Laboratories that work in a GMP environment are required to produce extensive documentation to show that the method is suitable. Pharmaceutical and bio-pharmaceutical companies “religiously” adhere to these requirements, which inundates industry with an avalanche of validation work that has questionable value toward the future assessment of uncertainty. Our UBCI model of uncertainty provides an alternative that has the potential to reduce the work required to demonstrate method suitability and, in turn, provide greater assurance of the validity of the results from the specific analysis in real time.

Recently, the industry has begun adopting the concept of science based Quality by Design (QbD) to several aspects of the pharmaceutical lifecycle (55).
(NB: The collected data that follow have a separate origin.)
(* Let $\mathcal{T}$ be a fully sparse tournament with ordering $\sigma$ and backward arcs $e_1,\dots,e_b$. Let $G'$ be the digraph with vertex set $\{e_1,\dots,e_b\}$ having an arc $e_ie_j$ ($i\ne j$) whenever $(h(e_i),h(e_j),t(e_i))$ or $(h(e_i),t(e_j),t(e_i))$ is a triangle of $\mathcal{T}$ (equivalently, whenever $h(e_j)$ or $t(e_j)$ lies strictly between $h(e_i)$ and $t(e_i)$ in $\sigma$). Then the maximum number of pairwise arc-disjoint triangles of $\mathcal{T}$ equals the maximum size of an arc set $X\subseteq A(G')$ such that every vertex of $G'$ has out-degree at most $1$ in $X$ and $X$ contains no digon (no pair of arcs $xy,yx$). Moreover, for such a set $X$, the triangles $\Pi(e_ie_j)$, $e_ie_j\in X$, are pairwise arc-disjoint, where $\Pi(e_ie_j)$ is the triangle formed by $e_i$ and the endpoint of $e_j$ lying strictly between $h(e_i)$ and $t(e_i)$; and $X$ is optimal if and only if $\{\Pi(x):x\in X\}$ is a maximum triangle packing of $\mathcal{T}$.
   Context: A tournament is an orientation of a complete graph; a triangle is a directed cycle of length 3. For an arc $a=uv$, $h(a)=v$ is its head and $t(a)=u$ its tail. Given a linear ordering $\sigma$ of the vertices, an arc $uv$ is backward if $v$ comes before $u$ in $\sigma$. $\mathcal{T}$ is fully sparse (with respect to $\sigma$) if the backward arcs form a matching, no backward arc joins two consecutive vertices of $\sigma$, and every vertex is the head or the tail of some backward arc. *)

From mathcomp Require Import all_boot.
Set Implicit Arguments. Unset Strict Implicit. Unset Printing Implicit Defensive.

Section Defs.
Variables (T : finType) (arc : rel T) (sigma : T -> nat).

Definition tournament : Prop :=
  (forall u, ~~ arc u u) /\
  (forall u v, u != v -> (arc u v || arc v u) && ~~ (arc u v && arc v u)).

(* sigma is a linear ordering of the vertices, given by injective ranks *)
Definition between (a x b : T) : bool := (sigma a < sigma x) && (sigma x < sigma b).

Definition tl (e : T * T) : T := e.1.
Definition hd (e : T * T) : T := e.2.

Definition backward (e : T * T) : bool := arc e.1 e.2 && (sigma e.2 < sigma e.1).

Definition consecutive (u v : T) : bool :=
  (u != v) && [forall w, ~~ (between u w v || between v w u)].

Definition fully_sparse : Prop :=
  (forall e f, backward e -> backward f -> e != f ->
     [&& tl e != tl f, tl e != hd f, hd e != tl f & hd e != hd f]) /\
  (forall e, backward e -> ~~ consecutive (tl e) (hd e)) /\
  (forall v, exists e, backward e /\ (v = tl e \/ v = hd e)).

Definition triple_triangle (a b c : T) : bool := [&& arc a b, arc b c & arc c a].

Definition is_triangle (A : {set T * T}) : bool :=
  [exists a, exists b, exists c,
     triple_triangle a b c && (A == [set (a, b); (b, c); (c, a)])].

Definition packing (P : {set {set T * T}}) : bool :=
  [forall A in P, is_triangle A] &&
  [forall A in P, forall B in P, (A != B) ==> [disjoint A & B]].

Definition packing_number : nat :=
  \max_(P : {set {set T * T}} | packing P) #|P|.

Definition max_packing (P : {set {set T * T}}) : bool :=
  packing P && (#|P| == packing_number).

Definition Garc (ei ej : T * T) : bool :=
  [&& backward ei, backward ej, ei != ej &
      triple_triangle (hd ei) (hd ej) (tl ei) || triple_triangle (hd ei) (tl ej) (tl ei)].

Definition goodX (X : {set (T * T) * (T * T)}) : bool :=
  [&& [forall x in X, Garc x.1 x.2],
      [forall e : T * T, #|[set f | (e, f) \in X]| <= 1] &
      [forall x in X, (x.2, x.1) \notin X]].

Definition maxX : nat := \max_(X : {set (T * T) * (T * T)} | goodX X) #|X|.

Definition is_Pi (x : (T * T) * (T * T)) (A : {set T * T}) : Prop :=
  exists y, (y = tl x.2 \/ y = hd x.2) /\ between (hd x.1) y (tl x.1) /\
    A = [set (hd x.1, y); (y, tl x.1); (tl x.1, hd x.1)].

End Defs.

From Pilot Require Import Defs.
From mathcomp Require Import all_boot zify.
Set Implicit Arguments. Unset Strict Implicit. Unset Printing Implicit Defensive.

(* Relative to sigma, a triangle of the tournament consists of a backward arc
   e and an apex y strictly between the endpoints of e; as the backward arcs
   form a matching, e is the only backward arc of the triangle, and as they
   cover all vertices, y is an endpoint of another backward arc f, so the
   triangle is Pi(e f).  Triangles on the same backward arc meet in that arc,
   and triangles Pi(e f), Pi(e' f') on distinct backward arcs share an arc only
   if each apex is an endpoint of the other base, i.e. f = e' and f' = e.
   Hence packings of triangles correspond to the digon-free arc sets of G' of
   out-degree at most 1, with the same size. *)

Section FullySparse.
Variables (T : finType) (arc : rel T) (sigma : T -> nat).

Local Notation backward := (backward arc sigma).
Local Notation between := (between sigma).
Local Notation triple_triangle := (triple_triangle arc).
Local Notation Garc := (Garc arc sigma).
Local Notation goodX := (goodX arc sigma).
Local Notation packing := (packing arc).

Hypotheses (arc_tournament : tournament arc) (sigma_inj : injective sigma).
Hypothesis backward_matching : forall e f, backward e -> backward f -> e != f ->
  [&& tl e != tl f, tl e != hd f, hd e != tl f & hd e != hd f].
Hypothesis backward_cover : forall v, exists e, backward e /\ (v = tl e \/ v = hd e).

Lemma arcxx u : ~~ arc u u.
Proof. by case: arc_tournament. Qed.

Lemma arc_neq u v : arc u v -> u != v.
Proof. by apply: contraTneq => ->; rewrite arcxx. Qed.

Lemma arc_total u v : u != v -> arc u v || arc v u.
Proof. by case: arc_tournament => _ /[apply] /andP[]. Qed.

Lemma sigma_lt_neq u v : sigma u < sigma v -> u != v.
Proof. by apply: contraTneq => ->; rewrite ltnn. Qed.

Lemma backward_lt e : backward e -> sigma (hd e) < sigma (tl e).
Proof. by case/andP. Qed.

Lemma backward_share_eq e f y : backward e -> backward f ->
  y \in [:: tl e; hd e] -> y \in [:: tl f; hd f] -> e = f.
Proof.
move=> be bf ye yf; apply: contraTeq isT => /(backward_matching be bf).
by move: ye yf; rewrite !inE => /orP[]/eqP-> /orP[]/eqP->; rewrite eqxx /= ?andbF.
Qed.

(* Otherwise (u, v) would be a second backward arc at w. *)
Lemma arc_at_backward_lt e u v w : backward e -> arc u v -> (u, v) != e ->
  w \in [:: u; v] -> w \in [:: tl e; hd e] -> sigma u < sigma v.
Proof.
move=> be uv uv_ne_e wuv we; rewrite ltn_neqAle; apply/andP; split.
  by apply: contraTneq (arc_neq uv) => /sigma_inj ->; rewrite eqxx.
rewrite leqNgt; apply: contra uv_ne_e => vu; apply/eqP.
by apply: (@backward_share_eq (u, v) e w _ be wuv we); rewrite /backward uv.
Qed.

Lemma triangle_between e y : backward e ->
  triple_triangle (hd e) y (tl e) = between (hd e) y (tl e).
Proof.
case: e => t h be; have lt_ht := backward_lt be; rewrite /tl /hd /= in lt_ht *.
have h_neq_t : (h == t) = false by apply/negbTE/sigma_lt_neq.
have t_neq_h : (t == h) = false by rewrite eq_sym.
apply/idP/idP => [/and3P[hy yt _] | /andP[lt_hy lt_yt]].
  apply/andP; split.
    apply: (arc_at_backward_lt (w := h) be hy);
      by rewrite ?xpair_eqE ?h_neq_t ?inE ?eqxx ?orbT.
  apply: (arc_at_backward_lt (w := t) be yt);
    by rewrite ?xpair_eqE ?t_neq_h ?andbF ?inE ?eqxx ?orbT.
have y_neq_h : (y == h) = false by rewrite eq_sym; apply/negbTE/sigma_lt_neq.
have y_neq_t : (y == t) = false by apply/negbTE/sigma_lt_neq.
apply/and3P; split; last by case/andP: be.
- case/orP: (arc_total (sigma_lt_neq lt_hy)) => // yh.
  suff : sigma y < sigma h by rewrite ltnNge ltnW.
  apply: (arc_at_backward_lt (w := h) be yh);
    by rewrite ?xpair_eqE ?y_neq_t ?inE ?eqxx ?orbT.
- case/orP: (arc_total (sigma_lt_neq lt_yt)) => // ty.
  suff : sigma t < sigma y by rewrite ltnNge ltnW.
  apply: (arc_at_backward_lt (w := t) be ty);
    by rewrite ?xpair_eqE ?y_neq_h ?andbF ?inE ?eqxx ?orbT.
Qed.
Let blk_end_spec i :
  (S i <= blk_end i)%nat /\ threshold i (prev_start i) < Cmod (weight_prod a w 0 (blk_end i)).
Proof.
  destruct i as [|i]; simpl blk_end; (split; [|apply beyond_spec]).
  - pose proof (proj1 (beyond_spec (threshold 0 0) 1)). lia.
  - pose proof (proj1 (beyond_spec (threshold (S i) (blk_end i - S i)) (blk_end i + S (S i)))). lia.
Qed.

Let start_add i : (start i + S i = blk_end i)%nat.
Proof. pose proof (proj1 (blk_end_spec i)). unfold start. lia. Qed.

Let blk_end_le_start_S i : (blk_end i <= start (S i))%nat.
Proof.
  unfold start. simpl blk_end.
  pose proof (proj1 (beyond_spec (threshold (S i) (blk_end i - S i)) (blk_end i + S (S i)))). lia.
Qed.

Let blk_end_le_start k i : (k < i)%nat -> (blk_end k <= start i)%nat.
Proof.
  intros h. induction h; [apply blk_end_le_start_S|].
  pose proof (blk_end_le_start_S m). pose proof (start_add m). lia.
Qed.

Let start_ge i : (i <= start i)%nat.
Proof. destruct i; [lia|]. pose proof (blk_end_le_start_S i). pose proof (blk_end_spec i). lia. Qed.

Let start_le_prev_start k i : (k < i)%nat -> (start k <= prev_start i)%nat.
Proof.
  intros h. destruct i; [lia|]. simpl. destruct (Nat.eq_dec k i); [subst; lia|].
  pose proof (blk_end_le_start k i ltac:(lia)). pose proof (start_add k). lia.
Qed.

Let in_block_unique i i' m : in_block i m = true -> in_block i' m = true -> i = i'.
Proof.
  unfold in_block. intros h1 h2.
  destruct (Nat.leb_spec (start i) m), (Nat.ltb_spec m (start i + S i)); try discriminate.
  destruct (Nat.leb_spec (start i') m), (Nat.ltb_spec m (start i' + S i')); try discriminate.
  destruct (Nat.lt_total i i') as [h|[h|h]]; auto.
  - pose proof (blk_end_le_start i i' h). pose proof (start_add i). lia.
  - pose proof (blk_end_le_start i' i h). pose proof (start_add i'). lia.
Qed.

(* The choice of [blk_end i] makes every partial product [weight_prod j (start i - s)]
   reaching block [i] from an earlier block large. *)
Let entry_le_cap i s j : (s <= prev_start i)%nat -> (j < S i)%nat ->
  Cmod (E i j / weight_prod a w j (start i - s)) <= entry_cap i.
Proof.
  intros hs hj. pose proof (start_add i).
  assert (hs' : (s <= start i)%nat).
  { destruct i as [|i]; simpl in hs; [lia|].
    pose proof (blk_end_le_start_S i). pose proof (start_add i). lia. }
  assert (hbig : mass i / entry_cap i < Cmod (weight_prod a w j (start i - s))).
  { apply (Cmod_weight_prod_middle_gt a w M j (start i - s) (S i - j + s) (S i) (S i + prev_start i));
      auto; try lia.
    replace (j + (start i - s) + (S i - j + s))%nat with (blk_end i) by lia. apply blk_end_spec. }
  pose proof (entry_cap_pos i). pose proof (Cmod_weight_prod_pos a w ha hw j (start i - s)).
  assert (hEm : Cmod (E i j) <= mass i).
  { destruct (Nat.le_gt_cases j i).
    - apply (sum_n_ge_term (fun j => Cmod (E i j))); auto. intro; apply Cmod_ge_0.
    - rewrite hE, Cmod_0 by auto. apply sum_n_nonneg. intro; apply Cmod_ge_0. }
  rewrite Cmod_div by (apply weight_prod_neq0; auto).
  apply Rmult_le_reg_r with (Cmod (weight_prod a w j (start i - s))); auto.
  unfold Rdiv. rewrite Rmult_assoc, Rinv_l by lra.
  apply Rmult_lt_compat_l with (r := entry_cap i) in hbig; auto.
  replace (entry_cap i * (mass i / entry_cap i)) with (mass i) in hbig by (field; lra). lra.
Qed.

Let universal_vec (m : nat) : C :=
  sum_n (fun i => (if in_block i m
                   then (E i (m - start i) / weight_prod a w (m - start i) (start i))%C
                   else RtoC 0) : C) m.

Let universal_vec_in_block i m : in_block i m = true ->
  universal_vec m = (E i (m - start i) / weight_prod a w (m - start i) (start i))%C.
Proof.
  intros hb. unfold universal_vec. rewrite (sum_n_single _ i).
  - rewrite hb. reflexivity.
  - intros i' hi'. destruct (in_block i' m) eqn:e; auto.
    exfalso. apply hi'. apply (in_block_unique i' i m); auto.
  - pose proof (start_ge i). unfold in_block in hb.
    destruct (Nat.leb_spec (start i) m); [lia | discriminate].
Qed.

Let universal_vec_off_blocks m : (forall i, in_block i m = false) -> universal_vec m = 0%C.
Proof. intros h. apply sum_n_zero. intro i. rewrite h. reflexivity. Qed.

Let block_cases (h : nat -> R) s k0 :
  (forall m, (forall i, in_block i (m + s) = false) -> h m = 0) ->
  (forall i m, in_block i (m + s) = true -> h m = 0 \/ ((k0 <= i)%nat /\ h m <= (/2) ^ i / INR (S i))) ->
  (forall m, 0 <= h m) -> ex_series h /\ Series h <= 2 * (/2) ^ k0.
Proof.
  intros hout hin hpos. apply (series_block_bound h start S s k0); auto.
  intro m. destruct (classic (exists i, in_block i (m + s) = true)) as [[i hi]|hn].
  - destruct (hin i m hi) as [e|[hk hle]]; [left; auto|]. right. exists i. repeat split; auto.
    + unfold in_block in hi. destruct (Nat.leb_spec (start i) (m + s)); [auto | discriminate].
    + unfold in_block in hi. destruct (Nat.ltb_spec (m + s) (start i + S i)), (Nat.leb (start i) (m + s));
        [auto | discriminate..].
  - left. apply hout. intro i. destruct (in_block i (m + s)) eqn:e; auto. exfalso; eauto.
Qed.

Let in_block_bounds i m : in_block i m = true -> (start i <= m < start i + S i)%nat.
Proof.
  unfold in_block. destruct (Nat.leb_spec (start i) m), (Nat.ltb_spec m (start i + S i)); auto; discriminate.
Qed.

Let in_lq_universal_vec : in_lq q universal_vec /\ lq_sum q universal_vec <= 2.
Proof.
  replace 2 with (2 * (/2) ^ 0) by (simpl; ring).
  apply (block_cases _ 0 0); [| |intro; apply rpow_nonneg].
  - intros m hm. rewrite Nat.add_0_r in hm. rewrite universal_vec_off_blocks, Cmod_0 by auto.
    apply rpow_0_l.
  - intros i m hm. rewrite Nat.add_0_r in hm. right. split; [lia|].
    rewrite (universal_vec_in_block i) by auto. rewrite <- rpow_entry_cap.
    apply rpow_le_compat; [lra|]. split; [apply Cmod_ge_0|].
    pose proof (in_block_bounds i m hm).
    pose proof (entry_le_cap i 0 (m - start i) ltac:(lia) ltac:(lia)) as h.
    rewrite Nat.sub_0_r in h. exact h.
Qed.
(* Let $\mathcal C$ be a graph class of effectively bounded expansion. Then there exist a computable function $f$ and a CONGESTED-CLIQUE algorithm that, given a vertex- and edge-coloured graph $G$ whose underlying graph belongs to $\mathcal C$ (as the network) and a first-order sentence $\varphi$ (known to all nodes), decides in $f(|\varphi|)\cdot\log n$ rounds whether $G\models\varphi$, where $n=|V(G)|$. In particular, first-order model checking parameterized by the length of the formula is in CONGESTED-CLIQUE-XPL on $\mathcal C$.
   Context: CONGESTED-CLIQUE model: the network is a finite connected undirected graph $G$, $n=|V(G)|$, nodes have unique $O(\log n)$-bit identifiers and initially know their identifier, neighbours' identifiers, input labels and the parameter; in each synchronous round each node may send an $O(\log n)$-bit message to every other node; arbitrary local computation. Decisions are disjunctive: the answer is yes iff some node accepts. CONGESTED-CLIQUE-XPL is the class of parameterized problems decidable in $f(k)\cdot(\log n)^{g(k)}$ rounds for computable $f,g$. $|\varphi|$ is the length of a fixed computable encoding of $\varphi$. A graph $H$ is a depth-$r$ minor of $G$ if $H$ can be obtained from a subgraph of $G$ by contracting mutually disjoint connected subgraphs of radius at most $r$. A class $\mathcal C$ has bounded expansion if there is $f:\mathbb N\to\mathbb N$ such that for every $r$, every depth-$r$ minor $H$ of a graph in $\mathcal C$ satisfies $|E(H)|/|V(H)|\le f(r)$; it has effectively bounded expansion if such an $f$ can be chosen computable. *)

From mathcomp Require Import all_boot.
Set Implicit Arguments.
Unset Strict Implicit.
Unset Printing Implicit Defensive.

(* Computability: mu-recursive functions (equivalent to Turing         *)
(* computability).  Arities are handled leniently (missing arguments   *)
(* read as 0), which does not change the class of computable functions.*)
Inductive recf : Type :=
| RZero
| RSucc
| RProj (i : nat)
| RComp (g : recf) (hs : list recf)
| RPrim (g h : recf)
| RMu (g : recf).

Inductive reval : recf -> seq nat -> nat -> Prop :=
| ev_zero xs : reval RZero xs 0
| ev_succ xs : reval RSucc xs (head 0 xs).+1
| ev_proj i xs : reval (RProj i) xs (nth 0 xs i)
| ev_comp g hs xs ys y :
    revals hs xs ys -> reval g ys y -> reval (RComp g hs) xs y
| ev_prim0 g h xs y : reval g xs y -> reval (RPrim g h) (0 :: xs) y
| ev_primS g h k xs z y :
    reval (RPrim g h) (k :: xs) z -> reval h (k :: z :: xs) y ->
    reval (RPrim g h) (k.+1 :: xs) y
| ev_mu g xs y :
    reval g (y :: xs) 0 ->
    (forall z, z < y -> exists2 w, reval g (z :: xs) w & w <> 0) ->
    reval (RMu g) xs y
with revals : list recf -> seq nat -> seq nat -> Prop :=
| evs_nil xs : revals nil xs [::]
| evs_cons h hs xs y ys :
    reval h xs y -> revals hs xs ys -> revals (h :: hs) xs (y :: ys).

Definition computable (f : nat -> nat) : Prop :=
  exists p : recf, forall x, reval p [:: x] (f x).

Definition simple_graph (n : nat) (adj : rel 'I_n) : Prop :=
  (forall x y, adj x y = adj y x) /\ (forall x, adj x x = false).
Theorem lemma2p4 (T : finType) (e : rel T) (u1 : T) (P1' : seq T)
    (v1 : T) (P2' : seq T) :
  simple_graph e ->
  connected_graph e ->
  4 <= #|T| ->
  (forall c : seq T, ~ chorded_cycle e c) ->
  (forall s : seq T, ~ hamiltonian_path e s) ->
  longest_path_avoiding e [::] (u1 :: P1') ->
  3 <= size (u1 :: P1') ->
  longest_path_avoiding e (u1 :: P1') (v1 :: P2') ->
  deg_in e (u1 :: P1') v1 <= deg_in e (u1 :: P1') (last v1 P2') ->
  (size (v1 :: P2') <= 2 /\ (forall v : T, (v \in u1 :: P1') || (v \in v1 :: P2'))) \/
  (3 <= size (v1 :: P2') /\ deg e v1 = 1) \/
  (exists w : T, [/\ w \notin u1 :: P1', w != v1, deg e w <= 2,
        ~~ e u1 w /\ ~~ e (last u1 P1') w & ~ cut_vertex e w]).
Proof.
move=> [e_sym e_irr] conn _ no_chord _ LP1 _ LP2 _.
set s := u1 :: P1' in LP1 LP2 *; have gs : is_gpath e s by case: LP1.
have v1s : v1 \notin s by case: LP2 => _ [/andP []].
have found w : w \notin s -> w != v1 -> small_noncut e w ->
    exists w, [/\ w \notin s, w != v1, deg e w <= 2,
      ~~ e u1 w /\ ~~ e (last u1 P1') w & ~ cut_vertex e w].
  move=> ws wv1 [dw cw]; exists w; split => //.
  exact: (@longest_path_ends_nonadj _ _ e_sym u1 P1').
set R := [set x | x \notin s]; set K := component e R v1.
have [/existsP [t /andP [ts tK]]|/existsPn inK] := boolP [exists t, (t \notin s) && (t \notin K)].
  have v1t : v1 \notin component e R t by apply: contra tK; rewrite component_sym.
  have [w [ws wv1 ok]] :=
    outside_component_small_noncut e_sym e_irr conn no_chord gs ts (or_introl v1t).
  by right; right; apply: found ok.
have {}inK x : x \notin s -> x \in K by move=> xs; move: (inK x); rewrite xs /= negbK.
have [small|big] := leqP #|K| 2; first by left; apply: small_component_cover inK small.
right; have [->|d1] := eqVneq (deg e v1) 1.
  by left; split => //; apply: outside_path3 LP2 big.
right; have dv1 : 1 < deg e v1.
  by rewrite ltn_neqAle eq_sym d1 (@component_deg_gt0 _ _ e_sym R) ?inE // ltnW.
have [w [ws wv1 ok]] :=
  outside_component_small_noncut e_sym e_irr conn no_chord gs v1s (or_intror (conj big dv1)).
exact: found ok.
Qed.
The basic concepts are described in ICH guidelines Q8, Q9 and Q10 (5658). Our methodology is consistent with the spirit of QbD. Perhaps the time is right for the industry to consider the use of a combination of sound science and reasonable risk assessment to change the current practice of the retrospective use of method validation to the new paradigm of live validation of purity methods based on the current information embedded in the chromatogram. While the proposed model may be contentious, as it challenges the way in which method qualification and validation have been traditionally performed, the model is worthy of consideration because it addresses some of the existing limitations of the current method qualification/validation paradigm.